Background technology
Cmos image sensor mainly by pel array, analog signal read, analog-to-digital conversion and sequential control circuit etc. partly form.Wherein, pel array is the important component part of cmos image sensor.The difference of the number of transistors that comprises according to pixel cell structure in pel array can be divided into it 3 pipe (3T) structure C mos image sensors and 4 tubular construction cmos image sensors etc.
Fig. 1 is the cmos image sensor pixel cell structure schematic diagram of 4 tubular constructions, each pixel cell contains transfer tube, reset transistor, source follower and row selects these 4 transistors of pipe, also comprise simultaneously a photodiode (photodiode, PD) and one floating empty diffusion node (floating diffusion, FD).Each pixel cell provides operating voltage by power vd D, and is connected with the sampling reading circuit with sequential control circuit.
The course of work of 4 pipe pixels is:
By control circuit, transfer tube and reset transistor are opened, the electronics in PD is with depleted, and the FD node also will be reset to high level simultaneously;
Transfer tube and reset transistor are turn-offed, and PD receives illumination and produces and accumulate light induced electron, and the time of this section accumulation light induced electron becomes the time of integration;
Before closing on end the time of integration, reset transistor is opened a period of time and turn-offed, and the FD node potential of this moment will raise, and select pipe to be read out by source follower and row, and as one of them signal of correlated-double-sampling (correlated double sampling, CDS);
Transfer tube is opened, and finish time of integration this moment, and the electronics that produces in PD will be transferred to the FD node, and the current potential of this node is reduced, and this current potential selects pipe to be read out by source follower and row, and as another signal of CDS;
It is poor that twice signal potential that CDS is obtained done, and just obtained the signal voltage value corresponding with light intensity, and this magnitude of voltage is converted to digital quantity by analog to digital converter (Analog to digital converter, ADC) and is output.

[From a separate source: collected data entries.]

(* Read's space $\mathcal R=(c_0,|||\cdot|||)$ is weakly locally uniformly rotund: for every $x$ with $|||x|||=1$ and every sequence $(x_n)$ with $|||x_n|||=1$ and $|||x+x_n|||\to 2$, the sequence $(x_n)$ converges weakly to $x$.
   Context: Let $c_{00}(\mathbb Q)$ be the set of finitely supported sequences with rational coefficients, and let $(u_n)_{n\in\mathbb N}$ be a sequence in $c_{00}(\mathbb Q)$ which lists every element of $c_{00}(\mathbb Q)$ infinitely many times. Let $(a_n)_{n\in\mathbb N}$ be a strictly increasing sequence of positive integers with $a_n>\max\operatorname{supp} u_n$ and $a_n>\|u_n\|_1$ for every $n$. $(e_n)$ denotes the canonical unit vectors and $\langle x,y\rangle=\sum_n x_ny_n$. Read's norm on $c_0$ is $|||x||| = \|x\|_\infty + \sum_{n} 2^{-a_n^2}|\langle x, u_n - e_{a_n}\rangle|$, and Read's space is $\mathcal R=(c_0,|||\cdot|||)$ (real scalars). *)

From Stdlib Require Import Reals QArith.
From Coquelicot Require Import Coquelicot.
Open Scope R_scope.

Definition seqR := nat -> R.

Definition in_c0 (x : seqR) : Prop := is_lim_seq x 0.

Definition in_c00Q (v : seqR) : Prop :=
  (exists N : nat, forall k, (N <= k)%nat -> v k = 0) /\
  (forall k, exists q : Q, v k = Q2R q).

Definition unit_vec (m : nat) : seqR := fun k => if Nat.eqb k m then 1 else 0.

Definition inner (x y : seqR) : R := Series (fun k => x k * y k).

Definition sup_norm (x : seqR) : R :=
  real (Lub_Rbar (fun r => exists k, r = Rabs (x k))).

Definition l1_norm (v : seqR) : R := Series (fun k => Rabs (v k)).

Definition seq_add (x y : seqR) : seqR := fun k => x k + y k.
Definition seq_scal (c : R) (x : seqR) : seqR := fun k => c * x k.
Definition seq_sub (x y : seqR) : seqR := fun k => x k - y k.

Definition read_norm (u : nat -> seqR) (a : nat -> nat) (x : seqR) : R :=
  sup_norm x +
  Series (fun n => / 2 ^ (a n * a n) *
                   Rabs (inner x (seq_sub (u n) (unit_vec (a n))))).

Definition read_data (u : nat -> seqR) (a : nat -> nat) : Prop :=
  (forall n, in_c00Q (u n)) /\
  (forall v, in_c00Q v -> forall N, exists n, (N <= n)%nat /\ u n = v) /\
  (forall n, (0 < a n)%nat) /\
  (forall n, (a n < a (S n))%nat) /\
  (forall n k, u n k <> 0 -> (k < a n)%nat) /\
  (forall n, l1_norm (u n) < INR (a n)).

Definition bounded_linear_functional (u : nat -> seqR) (a : nat -> nat)
  (f : seqR -> R) : Prop :=
  (forall y z, in_c0 y -> in_c0 z -> f (seq_add y z) = f y + f z) /\
  (forall c y, in_c0 y -> f (seq_scal c y) = c * f y) /\
  (exists C : R, forall y, in_c0 y -> Rabs (f y) <= C * read_norm u a y).

Definition weak_conv (u : nat -> seqR) (a : nat -> nat)
  (xs : nat -> seqR) (x : seqR) : Prop :=
  forall f, bounded_linear_functional u a f ->
    is_lim_seq (fun n => f (xs n)) (f x).

From Stdlib Require Import Reals QArith Qreals Lra Lia FunctionalExtensionality ClassicalEpsilon Classical.
From Coquelicot Require Import Coquelicot.
Open Scope R_scope.

(** Bounded functionals on [c_0] are represented by summable coefficient
    sequences, so a bounded sequence converges weakly as soon as it converges
    coordinatewise; by a diagonal argument it suffices to show that every
    coordinatewise limit [y] of a subsequence of [(x_n)] equals [x].

    As [|||x + x_n||| -> 2], the triangle inequality becomes asymptotically an
    equality in each term of Read's norm, so [<x, u_m - e_(a_m)>] and
    [<y, u_m - e_(a_m)>] never have opposite signs.  Every [P e_k + Q e_j]
    (P, Q integers) occurs as some [u_m] with [a_m] arbitrarily large, where
    [x (a_m)] is negligible; after rescaling this says that every linear form
    positive at [(x_k, x_j)] is nonnegative at [(y_k, y_j)], hence [y = t x]
    with [t >= 0].  The sup norms of [x_n] then
    tend to [1 - t S], where [S] is the series part of [|||x|||]: this bounds
    [t |x_k|] and gives [t <= 1], while [|||x + x_n||| -> 2] gives [t >= 1]. *)

(** * Limits and series *)

Lemma is_lim_seq_epsilon (v : nat -> R) (l : R) : is_lim_seq v l <->
  forall eps, 0 < eps -> exists N, forall n, (N <= n)%nat -> Rabs (v n - l) < eps.
Proof.
  rewrite is_lim_seq_Reals. unfold Un_cv, Rdist.
  split; intros H e He; destruct (H e He) as [N HN]; exists N; intros n Hn; apply HN; lia.
Qed.

Lemma Rle_of_forall_eps (A C : R) : (forall e, 0 < e -> 0 <= A + e * C) -> 0 <= A.
Proof.
  intros H. destruct (Rle_or_lt 0 A) as [|HA]; auto.
  set (e := - A / (2 * (Rabs C + 1))).
  assert (0 < Rabs C + 1) by (pose proof (Rabs_pos C); lra).
  assert (He : 0 < e) by (unfold e; apply Rdiv_lt_0_compat; lra).
  specialize (H e He).
  assert (e * C <= e * Rabs C) by (apply Rmult_le_compat_l; [lra | apply Rle_abs]).
  assert (e * (Rabs C + 1) = - A / 2) by (unfold e; field; lra).
  nra.
Qed.

Lemma sum_f_R0_ge_term (d : nat -> R) m n : (forall k, 0 <= d k) -> (m <= n)%nat ->
  d m <= sum_f_R0 d n.
Proof.
  intros Hd Hmn. induction n as [|n IH].
  - replace m with 0%nat by lia. simpl. lra.
  - rewrite tech5. destruct (Nat.eq_dec m (S n)) as [->|Hne].
    + pose proof (cond_pos_sum d n Hd). lra.
    + pose proof (IH ltac:(lia)). pose proof (Hd (S n)). lra.
Qed.

Lemma sum_f_R0_finite_support (d : nat -> R) N : (forall k, (N < k)%nat -> d k = 0) ->
  forall n, (N <= n)%nat -> sum_f_R0 d n = sum_f_R0 d N.
Proof.
  intros H n Hn. induction n as [|n IH].
  - now replace N with 0%nat by lia.
  - destruct (Nat.eq_dec N (S n)) as [->|Hne]; [reflexivity|].
    rewrite tech5, IH, H by lia. ring.
Qed.

Lemma is_series_finite_support (d : nat -> R) N : (forall k, (N < k)%nat -> d k = 0) ->
  is_series d (sum_f_R0 d N).
Proof.
  intros H. rewrite is_series_Reals. intros e He. exists N. intros n Hn.
  unfold Rdist. rewrite (sum_f_R0_finite_support d N H n) by lia.
  rewrite Rminus_diag, Rabs_R0. lra.
Qed.

Lemma sum_f_R0_indicator (z : nat -> R) k0 P M : (k0 <= M)%nat ->
  sum_f_R0 (fun k => z k * (if Nat.eqb k k0 then P else 0)) M = P * z k0.
Proof.
  intros H. induction M as [|M IH].
  - replace k0 with 0%nat by lia. simpl. ring.
  - rewrite tech5. destruct (Nat.eq_dec k0 (S M)) as [->|Hne].
    + rewrite sum_eq_R0, Nat.eqb_refl; [ring|].
      intros k Hk. destruct (Nat.eqb_spec k (S M)); [lia | ring].
    + rewrite IH by lia. destruct (Nat.eqb_spec (S M) k0); [lia | ring].
Qed.

Lemma is_lim_seq_sum_f_R0 (g : nat -> nat -> R) (h : nat -> R) M :
  (forall m, is_lim_seq (fun n => g n m) (h m)) ->
  is_lim_seq (fun n => sum_f_R0 (g n) M) (sum_f_R0 h M).
Proof.
  intros H. induction M as [|M IH]; simpl; [apply H | apply is_lim_seq_plus'; auto].
Qed.

Lemma Series_ge_term (d : nat -> R) m : ex_series d -> (forall k, 0 <= d k) ->
  d m <= Series d.
Proof.
  intros E Hd. eapply Rle_trans; [apply (sum_f_R0_ge_term d m m Hd (le_n m))|].
  rewrite <- sum_n_Reals. apply is_lim_seq_incr_compare; [apply (Series_correct d E)|].
  intros n. rewrite sum_Sn. pose proof (Hd (S n)). unfold plus; simpl; lra.
Qed.

Lemma Series_nonneg (d : nat -> R) : ex_series d -> (forall k, 0 <= d k) -> 0 <= Series d.
Proof. intros E Hd. eapply Rle_trans; [apply (Hd 0%nat) | apply Series_ge_term; auto]. Qed.

Lemma ex_series_of_bounded_sums (d : nat -> R) B : (forall k, 0 <= d k) ->
  (forall n, sum_f_R0 d n <= B) -> ex_series d.
Proof.
  intros Hd HB. apply ex_series_Reals_1, growing_cv.
  - intros n. rewrite tech5. pose proof (Hd (S n)). lra.
  - exists B. intros r [i ->]. apply HB.
Qed.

So just completed the pixel course of work one time.In said process, row selects pipe only just to open when signal is read by CDS.For whole pel array, row selects pipe to open successively in order with behavior unit, and corresponding signal voltage value is read and digitlization successively according to said sequence, and forms an entire image finally by crossing to process.
For common array CMOS image sensor, can think that in the gatherer process of a two field picture, imageing sensor and subject are without relative motion.For time delays integral form imageing sensor, the motion that remains a constant speed of itself and subject can be carried out multiexposure, multiple exposure to same target, realizes higher signal to noise ratio.The course of work more complicated that it is concrete, Fig. 2 has provided the simplified diagram of 4 grades of TDI courses of work.A, B, C and D represent 4 abstract testees, and the direction of motion of testee is parallel with the column direction of pixel.
The course of work of TDI is described with the pel array of 1 row 4 row:
At T constantly, the 1st row pixel collects object A, and signal is read is quantized to be placed in accumulator 1;
At 2T constantly, the 1st row pixel collects object B, and signal is read is quantized to be placed in accumulator 2, and the 2nd row pixel collects object A, and signal is read is quantized to be placed in accumulator 1;
At 3T constantly, the 1st row pixel collects object C, and signal is read is quantized to be placed in accumulator 3, the 2nd row pixel collects object B, and signal is read quantized to be placed in accumulator 2, the 3rd row pixel collects object A, and signal is read is quantized to be placed in accumulator 1;
At 4T constantly, the 1st row pixel collects object D, and signal is read quantized to be placed in accumulator 4, the 2nd row pixel collects object C, and signal is read is quantized to be placed in accumulator 3, the 3rd row pixel collects object B, and signal is read quantized to be placed in accumulator 2, the 4th row pixel collects object A, and signal is read is quantized to be placed in accumulator 1, accumulator 1 is completed the cumulative process to the output signal of object A, and accumulation result is exported.Accumulator 1 is cleared, and prepares cumulative process next time.
The concise and to the point course of work as above-mentioned TDI type cmos image sensor can see, each object will be exposed 4 times, and the signal that each exposure produces also will be added up, and produces final output signal by summation.
Dynamic range (Dynamic Range, DR) is one of index of weighing the cmos image sensor performance, and the largest light intensity signal that it can be surveyed by transducer and the ratio of minimum intensity of light signal are estimated.The minimum intensity of light signal that transducer can be surveyed is limited by dark current levels and noise level usually, therefore enlarges dynamic range and mainly considers from improving maximum detectable light intensity levels.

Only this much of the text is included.